Saved MLE model to .//pretrain/rumors20x/gen_MLENEW_pretrain_rumors20x_relgan_RMC_sl20_sn10000_hs256_maxsn100000_vs15003.pt
Fake News Classifier Training
python main.py --dataset rumors20x --max_num_data 100000 \
--load_gen_pretrain 0 --gen_pretrain 0 \
--batch_size 64 --flg_train_f 1 --f_batch_size 64 \
--f_dropout_comment 0.59 --f_dropout_content 0.95 --f_type RNN2 \
--F_patience_epoch 3 --max_num_comment 10 --f_embed_dim 64 --F_clf_lr 0.01
- Training should improve the fake news classifier overtime. It will early-stop when meeting criteria for overfitting prevention
[PRE-CLAS] epoch 0: c_loss = 0.7504, c_acc = 0.5959, eval_loss = 0.6265, eval_acc = 0.6615, min_eval_loss = 0.6265
[PRE-CLAS] epoch 1: c_loss = 0.5689, c_acc = 0.7170, eval_loss = 0.4599, eval_acc = 0.7884, min_eval_loss = 0.4599
[PRE-CLAS] epoch 2: c_loss = 0.3318, c_acc = 0.8657, eval_loss = 0.3175, eval_acc = 0.8721, min_eval_loss = 0.3175
[PRE-CLAS] epoch 3: c_loss = 0.2039, c_acc = 0.9252, eval_loss = 0.3193, eval_acc = 0.8924, min_eval_loss = 0.3175
...
[PRE=CLAS] SAVED classifier to: .//pretrain/rumors20x/F_pretrain_relgan_RMC_sl20_sn10000_vs15003_10cmt_GloveFalse_RNN2.pt.0.1861B
GAN Training
python main.py --dataset rumors20x --max_num_data 100000 \
--load_gen_pretrain 1 --gen_pretrain 0 \
--flg_train_f 0 --f_embed_dim 64 --f_batch_size 128 \
--f_dropout_comment 0.59 --f_dropout_content 0.95 --f_type RNN2 --F_patience_epoch 3 --max_num_comment 10 --F_clf_lr 0.01 \
--attack_f_path ./pretrain/rumors20x/F_pretrain_relgan_RMC_sl20_sn10000_vs15003_10cmt_GloveFalse_RNN2.pt.0.1861B \
--batch_size 128 --h_batch_size 32 --g_f_step 3 --g_f_alpha 0.1 --head_size 256
This will save the model to a specific folder. Here I have "./save/20240104/rumors20x/relgan_RMC_lt-rsgan_sl20_temp1000_T0104_1828_44/gen_ADV-F_00100.pt" as an example but only after 100 iterations.

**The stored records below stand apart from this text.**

(* Let $\mathcal{G}\subseteq C(\mathbb{R},\mathbb{R})$ be nonempty. The following conditions are equivalent: (1) $\mathcal{K}_\mathcal{G}\subseteq\{\mathrm{CL}(E):E\in\mathrm{CL}(\mathbb{R})\}$; (2) there exist $h_1,h_2\in C(\mathbb{R},\mathbb{R}^* )$ such that $\mathcal{G}=\{g\in C(\mathbb{R},\mathbb{R}):h_1\le g\le h_2\}$.
   Context: $\mathbb{R}^*=\mathbb{R}\cup\{-\infty,\infty\}$ with its usual order topology; $C(\mathbb{R},\mathbb{R}^* )$ is the set of continuous functions $\mathbb{R}\to\mathbb{R}^*$, and $h\le g$ means $h(x)\le g(x)$ for all $x\in\mathbb{R}$. For a closed set $E\subseteq\mathbb{R}$, $\mathrm{CL}(E)$ denotes the family of all closed subsets of $E$. For $\mathcal{G}\subseteq C(\mathbb{R},\mathbb{R})$ let $R_\mathcal{G}=\{(f,E)\in C(\mathbb{R},\mathbb{R})\times\mathrm{CL}(\mathbb{R}):(\exists g\in\mathcal{G})\, f\restriction E=g\restriction E\}$; for $\mathcal{F}\subseteq C(\mathbb{R},\mathbb{R})$ put $E_\mathcal{G}(\mathcal{F})=\{E\in\mathrm{CL}(\mathbb{R}):(\forall f\in\mathcal{F})\,(f,E)\in R_\mathcal{G}\}$, and let $\mathcal{K}_\mathcal{G}=\{E_\mathcal{G}(\mathcal{F}):\mathcal{F}\subseteq C(\mathbb{R},\mathbb{R})\}$. *)

From HB Require Import structures.
From mathcomp Require Import all_boot all_order all_algebra.
From mathcomp Require Import all_classical all_reals all_analysis.
Set Implicit Arguments. Unset Strict Implicit. Unset Printing Implicit Defensive.
Import Order.TTheory GRing.Theory Num.Theory.
Import numFieldNormedType.Exports.
Local Open Scope classical_set_scope.
Local Open Scope ring_scope.

Section Defs.
Variable R : realType.

Definition Cfun : set (R -> R) := [set f : R -> R | continuous f].

Definition CL (E : set R) : set (set R) := [set F | closed F /\ F `<=` E].

Definition RG (G : set (R -> R)) (f : R -> R) (E : set R) : Prop :=
  Cfun f /\ closed E /\ exists2 g, G g & forall x, E x -> f x = g x.

Definition EG (G : set (R -> R)) (F : set (R -> R)) : set (set R) :=
  [set E | closed E /\ forall f, F f -> RG G f E].

Definition KG (G : set (R -> R)) : set (set (set R)) :=
  [set K | exists2 F, F `<=` Cfun & K = EG G F].
End Defs.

- prefix and suffix "h": often denoted as parameters for the topic discriminator
- prefix and suffix "d": often denoted as parameters for the style discriminator (D in GAN)
- prefix and suffix "g": often denoted as parameters for the generator (G in GAN)
- I turned off all the visualization via visdom, but please uncomment all "visualization" lines if you want to do so
Evaluation (BlackBox)
python main.py --dataset rumors20x \
--max_num_data 100000 \
--load_gen_pretrain 1 --gen_pretrain 0 \
--attack_f_path ./pretrain/rumors20x/F_pretrain_relgan_RMC_sl20_sn10000_vs15003_10cmt_GloveFalse_RNN2.pt.0.1861B \
--f_type RNN2 --f_embed_dim 64 \
--eval_g_path ./save/20240104/rumors20x/relgan_RMC_lt-rsgan_sl20_temp1000_T0104_1828_44/models/gen_ADV-F_00100.pt \
--if_eval_score 0 --if_eval 1 --eval_num 3 \
--num_topics 14 --flg_adv_t 0 \
--max_num_eval 2000 --flg_adv_f 1 \
--max_num_comment_test 1 --max_num_comment 10 \
--atk_num_comment 1 --batch_size 128 \
--blackbox_using_path ./pretrain/rumors20x/F_pretrain_relgan_RMC_sl20_sn10000_vs15003_10cmt_GloveFalse_RNN2.pt.0.1861B \
--flg_eval_g 1 --if_show_sentence 1
Example of Outputs
Title: rcmp advises people to stay away from parliament hill due to ongoing police incident .
ID: rumors-4128
User: advises people to stay away from hill due to ongoing police incident .
User: rt advises people to stay away from parliament hill due to ongoing police incident .,
User: advises people to stay away from parliament hill due to ongoing police incident . ”
User: because god forbid they do their job and protect those reporters from the active shooter on the loose ...
User: you mean like police pointing guns are entire groups of reporters ? does not sound safe at all .
User: advises people to stay away from parliament hill due to ongoing police incident . ”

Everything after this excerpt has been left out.